This essay will try to throw some light on the role of PPP’s and effectiveness and efficiencies of the projects carried out by them by taking into account an example. And in the end will argue that how the concern shown by, Shaoul, J., A.Stafford and P.Stapleton is justified.

PPP’s and Rationale
We are learning through different media these days about PPP’s being the best possible way to deliver public services in areas of healthcare, transportation and particularly infrastructure. It is claimed that ideal way to engage private sector is to start Public Private Partnerships. The government claims that it is not privatization of public services but adding motivation and spirit of the private sector into public sector.
Rationale to involve private actors in the public projects mostly is to improve performance in the creation of public value. Donahue and Zeckhauser (2006) believe that this is the core rationale that applies to every kind of public private engagement whether it is collaborative or more familiar forms of contracting or voluntarism. But Brinkerhoff and Brinkerhoff (2011) in their article go further and explain that rationales for government partnerships with the private sector could be of instrumental and normative aims. From an instrumental perspective partnering with the private sector can afford government access to technical expertise that it wouldn’t have otherwise. And sometimes the normative belief that private sector is naturally more efficient and better at management leads to involvement of for-profit private sector firms in the public projects.

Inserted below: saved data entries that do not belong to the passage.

(* For $\vec\mu\in\mathbb{R}^k$ and $\vec v\in(\mathbb{R}^{\ge0})^k$, let $f(\vec\mu,\vec v)$ be the supremum of $\mathbb{E}[\max_{j<k}\vec x(j)]$ over all random vectors $\vec x$ in $\mathbb{R}^k$ with $\mathbb{E}[\vec x]=\vec\mu$ and $\mathrm{Var}(\vec x(j))=\vec v(j)^2$ for all $j<k$. Then for every $\vec\mu\in\mathbb{R}^k$, $\vec v\in(\mathbb{R}^{\ge0})^k$: (1) $\max_{j<k}\vec\mu(j)\le f(\vec\mu,\vec v)\le\max_{j<k}\vec\mu(j)+\frac12\sum_{j<k}\vec v(j)$; (2) if $\vec\mu_i\in\mathbb{R}^k,\vec v_i\in(\mathbb{R}^{\ge0})^k$ for $i\in\{0,1\}$ satisfy $\vec\mu=\frac12(\vec\mu_0+\vec\mu_1)$ and $\vec v(j)^2=\frac12\sum_{i\in 2}\big[\vec v_i(j)^2+(\vec\mu_i(j)-\vec\mu(j))^2\big]$ for all $j<k$, then $\frac12\big(f(\vec\mu_0,\vec v_0)+f(\vec\mu_1,\vec v_1)\big)\le f(\vec\mu,\vec v)$. *)

From HB Require Import structures.
From mathcomp Require Import all_boot all_order all_algebra.
From mathcomp Require Import all_classical all_reals all_analysis.
Set Implicit Arguments. Unset Strict Implicit. Unset Printing Implicit Defensive.
Import Order.TTheory GRing.Theory Num.Theory.
Local Open Scope ring_scope.

(* maximum of the coordinates of a vector x in R^n (meaningful for n > 0) *)
Definition maxv (R : realType) (n : nat) (x : 'I_n -> R) : R :=
  fine (\big[Order.max/-oo%E]_(j < n) (x j)%:E).

Definition fmax (R : realType) (n : nat) (mu v : 'I_n -> R) : \bar R :=
  ereal_sup [set e | exists (d : measure_display) (T : measurableType d)
      (P : probability T R) (X : 'I_n -> {RV P >-> R}),
      (forall j, (X j : T -> R) \in Lfun P 2%:E) /\
      (forall j, ('E_P[X j] = (mu j)%:E)%E) /\
      (forall j, ('V_P[X j] = (v j ^+ 2)%:E)%E) /\
      (e = 'E_P[fun w => maxv (fun j => X j w)])%E].
(* Let $m$ be a positive integer with $\omega(m)\geq 149$. Then $W(m)<m^{1/8}$.
   Context: For a positive integer $m$, $\omega(m)$ is the number of distinct prime divisors of $m$ and $W(m)=2^{\omega(m)}$. *)

From mathcomp Require Import all_boot.
From Stdlib Require Import Reals.

Definition omega (m : nat) : nat := size (primes m).
Definition W (m : nat) : nat := 2 ^ omega m.

(* m is at least the product of its distinct prime factors and W(m)^8 = 256^w(m),
   so it suffices that any k >= 149 distinct primes have product > 256^k.
   Exactly 149 primes lie below 860 and their product P exceeds 256^149.  In a
   set S of k distinct primes, trade the primes below 860 missing from S for the
   primes of S above 860: the former are < 860, the latter >= 860 and there are
   k - 149 more of them, so prod S >= P * 860^(k - 149) > 256^k. *)
From Stdlib Require Import BinInt Znat.
From mathcomp Require Import all_boot.

Definition primes_below (B : nat) : seq nat := [seq p <- iota 0 B | prime p].

Lemma mem_primes_below B p : (p \in primes_below B) = prime p && (p < B).
Proof. by rewrite mem_filter mem_iota add0n andbC. Qed.

Lemma prod_leq_expn (b : nat) (s : seq nat) :
  all (fun p => p <= b) s -> \prod_(p <- s) p <= b ^ size s.
Proof.
elim: s => [|p s IHs] /=; first by rewrite big_nil.
by case/andP=> le_pb /IHs le_sb; rewrite big_cons expnS leq_mul.
Qed.

Lemma expn_leq_prod (b : nat) (s : seq nat) :
  all (fun p => b <= p) s -> b ^ size s <= \prod_(p <- s) p.
Proof.
elim: s => [|p s IHs] /=; first by rewrite big_nil.
by case/andP=> le_bp /IHs le_bs; rewrite big_cons expnS leq_mul.
Qed.

Section ExchangePrimes.

Variables (B : nat) (s : seq nat).
Hypotheses (s_uniq : uniq s) (s_prime : all prime s).

Let small := [seq p <- s | p < B].
Let large := [seq p <- s | ~~ (p < B)].
Let missing := [seq p <- primes_below B | p \notin s].

Let perm_small : perm_eq [seq p <- primes_below B | p \in s] small.
Proof.
apply: uniq_perm; rewrite ?filter_uniq ?iota_uniq // => p.
rewrite !mem_filter mem_iota add0n.
case: (boolP (p \in s)) => [p_s|_]; last by rewrite andbF.
by rewrite (allP s_prime _ p_s) andbT.
Qed.

Lemma prod_primes_below_mul_expn :
  \prod_(p <- primes_below B) p * B ^ size s
    <= \prod_(p <- s) p * B ^ size (primes_below B).
Proof.
have size_s : size s = size small + size large.
  by rewrite !size_filter count_predC.
have size_B : size (primes_below B) = size small + size missing.
  rewrite -(perm_size perm_small) (size_filter (fun p => p \in s)).
  by rewrite (size_filter (fun p => p \notin s)) count_predC.
have prod_s : \prod_(p <- s) p = \prod_(p <- small) p * \prod_(p <- large) p.
  by rewrite (bigID (fun p => p < B)) !big_filter.
have prod_B : \prod_(p <- primes_below B) p
              = \prod_(p <- small) p * \prod_(p <- missing) p.
  by rewrite -(perm_big _ perm_small) (bigID (fun p => p \in s)) !big_filter.
have missing_le : \prod_(p <- missing) p <= B ^ size missing.
  apply: prod_leq_expn; apply/allP => p.
  by rewrite mem_filter mem_primes_below => /and3P[_ _ /ltnW].
have large_ge : B ^ size large <= \prod_(p <- large) p.
  apply: expn_leq_prod; apply/allP => p.
  by rewrite mem_filter -leqNgt => /andP[].
rewrite size_s size_B prod_s prod_B !expnD.
rewrite -!mulnA leq_mul2l; apply/orP; right.
rewrite mulnCA [X in _ <= X]mulnCA leq_mul2l; apply/orP; right.
by rewrite mulnC leq_mul.
Qed.

End ExchangePrimes.

Lemma expn_lt_prod_primes (B c : nat) (s : seq nat) :
  uniq s -> all prime s -> c <= B ->
  c ^ size (primes_below B) < \prod_(p <- primes_below B) p ->
  size (primes_below B) <= size s ->
  c ^ size s < \prod_(p <- s) p.
Proof.
move=> s_uniq s_prime le_cB lt_c_prod /subnKC.
set k := size (primes_below B); set e := size s - k => size_s.
have B_gt0 : 0 < B.
  by case: B {le_cB k e size_s} lt_c_prod => //; rewrite /primes_below /= big_nil.
have exchange := prod_primes_below_mul_expn B s s_uniq s_prime.
rewrite -size_s expnD mulnCA mulnC leq_pmul2r ?expn_gt0 ?B_gt0 // in exchange.
have le_ce_Be : c ^ e <= B ^ e.
  by case: (posnP e) => [->|e_gt0]; rewrite ?expn0 ?leq_exp2r.
rewrite -size_s expnD; apply: leq_trans exchange.
by rewrite ltn_mull ?expn_gt0 ?B_gt0.
Qed.

Lemma natpowE (m n : nat) : Nat.pow m n = m ^ n.
Proof. by elim: n => //= n ->; rewrite expnS. Qed.

Lemma Nat2Z_inj_prod (s : seq nat) :
  Z.of_nat (\prod_(i <- s) i) = \big[Z.mul/1%Z]_(i <- s) Z.of_nat i.
Proof. by apply: big_morph => // i j; rewrite -multE Nat2Z.inj_mul. Qed.

Lemma size_primes_below_860 : size (primes_below 860) = 149.
Proof. by vm_compute. Qed.

Lemma expn_lt_prod_primes_below_860 : 256 ^ 149 < \prod_(p <- primes_below 860) p.
Proof.
apply/ltP/Nat2Z.inj_lt; rewrite -natpowE Nat2Z.inj_pow Nat2Z_inj_prod.
by rewrite unlock; vm_compute.
Qed.

Lemma prod_primes_dvd (m : nat) : 0 < m -> \prod_(p <- primes m) p %| m.
Proof.
move=> m_gt0; rewrite {2}(prod_prime_decomp m_gt0) prime_decompE big_map /=.
rewrite big_seq [X in _ %| X]big_seq.
apply: (big_ind2 (fun a b => a %| b)) => // [a1 a2 b1 b2|p]; first exact: dvdn_mul.
by rewrite -logn_gt0 => /prednK <-; rewrite expnS dvdn_mulr.
Qed.

Lemma W_expn8_lt (m : nat) : 0 < m -> 149 <= omega m -> W m ^ 8 < m.
Proof.
move=> m_gt0 omega_ge; rewrite /W natpowE -expnM mulnC expnM.
apply: leq_trans (dvdn_leq m_gt0 (prod_primes_dvd m m_gt0)).
apply: (@expn_lt_prod_primes 860); rewrite ?size_primes_below_860 //.
- exact: primes_uniq.
- exact: all_prime_primes.
- exact: expn_lt_prod_primes_below_860.
Qed.

(* Importing Reals (or BinInt) rebinds [^] on [nat] to [Nat.pow]; above this
   point [^] is [expn]. *)
From Stdlib Require Import Reals Lra.

Lemma lt_Rpower_inv (x y : R) (n : nat) :
  (0 < n)%N -> (0 <= y)%R -> (y ^ n < x)%R -> (y < Rpower x (1 / INR n))%R.
Proof.
move=> n_gt0 y_ge0 lt_yn_x.
have x_gt0 : (0 < x)%R by apply: Rle_lt_trans lt_yn_x; apply: pow_le.
have root_pow : (Rpower x (1 / INR n) ^ n = x)%R.
  rewrite -Rpower_pow; last exact: exp_pos.
  rewrite Rpower_mult /Rdiv Rmult_1_l Rinv_l ?Rpower_1 //.
  by apply: not_0_INR; apply/eqP; rewrite -lt0n.
apply: Rnot_le_lt => le_root_y.
have : (Rpower x (1 / INR n) ^ n <= y ^ n)%R.
  by apply: pow_incr; split => //; apply: Rlt_le; apply: exp_pos.
by rewrite root_pow; lra.
Qed.

Theorem lemma5p1 (m : nat) :
  (0 < m)%N -> (149 <= omega m)%N ->
  (INR (W m) < Rpower (INR m) (1 / 8))%R.
Proof.
move=> m_gt0 omega_ge.
have -> : (1 / 8 = 1 / INR 8)%R by rewrite [INR 8]/=; lra.
apply: lt_Rpower_inv => //; first exact: pos_INR.
by rewrite -pow_INR natpowE; apply/lt_INR/ltP/W_expn8_lt.
Qed.
Lemma lipschitz_continuous (g : R -> R) c x : 0 <= c ->
  (forall t s, Rabs (g t - g s) <= c * Rabs (t - s)) -> continuous g x.
Proof.
  intros Hc Hg; apply continuity_pt_filterlim, eps_continuity_pt; intros eps Heps.
  exists (eps / (c + 1)); split; [apply Rdiv_lt_0_compat; lra|]; intros y Hy.
  apply Rle_lt_trans with ((c + 1) * Rabs (y - x)).
  - apply Rle_trans with (c * Rabs (y - x)); [apply Hg|].
    pose proof (Rabs_pos (y - x)); nra.
  - apply (Rmult_lt_compat_l (c + 1)) in Hy; [|lra].
    replace ((c + 1) * (eps / (c + 1))) with eps in Hy by (field; lra); exact Hy.
Qed.

Lemma ex_RInt_continuous_R (g : R -> R) a b :
  (forall x, continuous g x) -> ex_RInt g a b.
Proof. intros Hg; apply (@ex_RInt_continuous R_CompleteNormedModule); intros; apply Hg. Qed.

Lemma RInt_lipschitz (g : R -> R) B t s :
  (forall x, continuous g x) -> (forall x, Rabs (g x) <= B) ->
  Rabs (RInt g 0 t - RInt g 0 s) <= B * Rabs (t - s).
Proof.
  intros Hg HB.
  assert (Hchasles : RInt g 0 t = RInt g 0 s + RInt g s t :> R).
  { symmetry; apply (RInt_Chasles g 0 s t); now apply ex_RInt_continuous_R. }
  rewrite Hchasles, Rplus_minus_l, Rmult_comm.
  apply (norm_RInt_le_const_abs g s t); [intros; apply HB|].
  now apply (@RInt_correct R_CompleteNormedModule), ex_RInt_continuous_R.
Qed.
(* The trace is a polynomial of degree 2^(n-1) < #|F|, so it is not
   identically zero. *)
Lemma tr_onto1 : exists c : F, tr c = 1.
Proof.
pose p : {poly F} := \sum_(i < n) 'X^(2 ^ i).
have p_eval x : p.[x] = tr x.
  by rewrite horner_sum; apply: eq_bigr => i _; rewrite hornerXn.
have p_size : (size p <= (2 ^ n.-1).+1)%N.
  apply: leq_trans (size_sum _ _ _) _; apply/bigmax_leqP => i _.
  by rewrite size_polyXn ltnS leq_exp2l //; have := ltn_ord i; lia.
have p_neq0 : p != 0.
  apply/eqP => /(congr1 (fun q : {poly F} => q`_1)).
  rewrite coef0 coef_sum (bigD1 (Ordinal n_gt0)) //= coefXn expn0 eqxx.
  rewrite big1 ?addr0 => [/eqP|i i_neq0]; first by rewrite oner_eq0.
  rewrite coefXn -[X in X == _](expn0 2) eqn_exp2l // eq_sym.
  rewrite (_ : (i == 0 :> nat) = false) //.
  by apply: contraNF i_neq0 => /eqP i0; apply/eqP/val_inj.
have [/existsP[c /eqP tr_c]|no_c] := boolP [exists c, tr c == 1]; first by exists c.
have all_roots : all (root p) (enum F).
  apply/allP => x _; rewrite /root p_eval.
  case: (tr_bool x) => tr_x; rewrite tr_x ?eqxx //.
  by case/negP: no_c; apply/existsP; exists x; rewrite tr_x.
have := leq_trans (max_poly_roots p_neq0 all_roots (enum_uniq F)) p_size.
rewrite -cardE F_card -(prednK n_gt0) expnS /=.
by have := expn_gt0 2 n.-1; lia.
Qed.

Lemma chiD (x y : F) : chi (x + y) = chi x * chi y.
Proof.
have one_add_one : (1 + 1 : F) = 0 by rewrite -mulr2n (pcharf0 char2).
rewrite /chi trD.
by case: (tr_bool x) => ->; case: (tr_bool y) => ->;
  rewrite ?addr0 ?add0r ?one_add_one ?eqxx ?oner_eq0.
Qed.

Lemma chi0 : chi 0 = 1.
Proof. by rewrite /chi tr0 eqxx. Qed.

Lemma sum_const_F (c : int) : \sum_(x : F) c = (2 ^ n)%:Z * c.
Proof. by rewrite sumr_const -[#|xpredT|]/#|F| F_card -mulr_natl natz. Qed.

Lemma sum_const_nonzero (c : int) : \sum_(x : F | x != 0) c = ((2 ^ n)%:Z - 1) * c.
Proof.
rewrite sumr_const cardC1 -[#|xpredT|]/#|F| F_card pmulrn mulrzz mulrC.
by congr (_ * _); have := expn_gt0 2 n; lia.
Qed.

Government’s Support for PPP
PPP projects have been enjoying well support from the governments since 1980’s. Prime Minister Tony Blair was also very keen about what he would term as the cultural values of the private sector. He said: “We need to break decisively with the tradition of monolithic, centrally driven public services. We need to mobilize the small battalions and give them freedom to innovate and change. I want local managers and professionals to be entrepreneurs” (The Guardian, 25 June 2001). Although there has been continuous support for PPP’s from government, there is a huge amount of criticism too that is levied upon such projects. And the reason for that is mostly PPP’s result in higher costs and low value for public in the end. The idea behind PPP’s is that state is not good at delivering infrastructure because it is not driven by profit. The very idea is the core problem because private sector is only driven by profits and in order to make more and more profits, as explained by Shaoul, J., A.Stafford and P.Stapleton, private sector starts manipulating the public authorities and eventually implement their own will on the government and lead to the policy transformation in their own interest. This behaviour is also explained by Oslon (1965) in Traditional Theory of Groups. According to that theory, “Private groups and associations operate according to principles entirely different from those that govern the relationships among firms in the marketplace or between tax payers or the state.”

Risks in PPP’s: Public or Private?
The Risks that may arise in PPP’s have also been outlined by Donahue and Zeckhauser (2006) as range of potential agency losses. That is, the private sector agents that have been hired by the government to act on it’s behalf may not faithfully fulfill the public mission. The very fact that private sector is driven by profit diverges the private firms from the path of delivering public welfare to the path of making more money. Risks that evolve in PPP’s have been put in four different categories by Donahue and Zeckhauser. Diluted control, Higher spending, Reputational vulnerability and Diminished capacity. PPP’s explicitly diminish government’s monopoly of defining the mission, directing the means, or both. And sometimes this results in private actors exploiting and extracting resources from the government. And since this leads to higher spending and raised cost of the project, government’s image also suffers due to this. All these risks are somehow interlinked with each other.
Governments are cash starved and they consider PPP the only solution to their budgetary problems. In order to attract the private investors government has to offer them high returns with low risks. This put the burden on the Tax payers’ shoulders in the long run. And since the risk is transferred to public sector this partially diminishes the incentive for the private sector firms to perform well. Ideally the risk should be on the private firm so that it has a direct stake in the final outcome of the project. One of the reasons PPP’s have not been very successful is that there is no risk on the private sector with government guaranteeing the payment. And private firms as partners, governments lose some of their decision making monopoly and have to take into account the considerations that are put forward by these private partners. That is an indirect private control over public policy.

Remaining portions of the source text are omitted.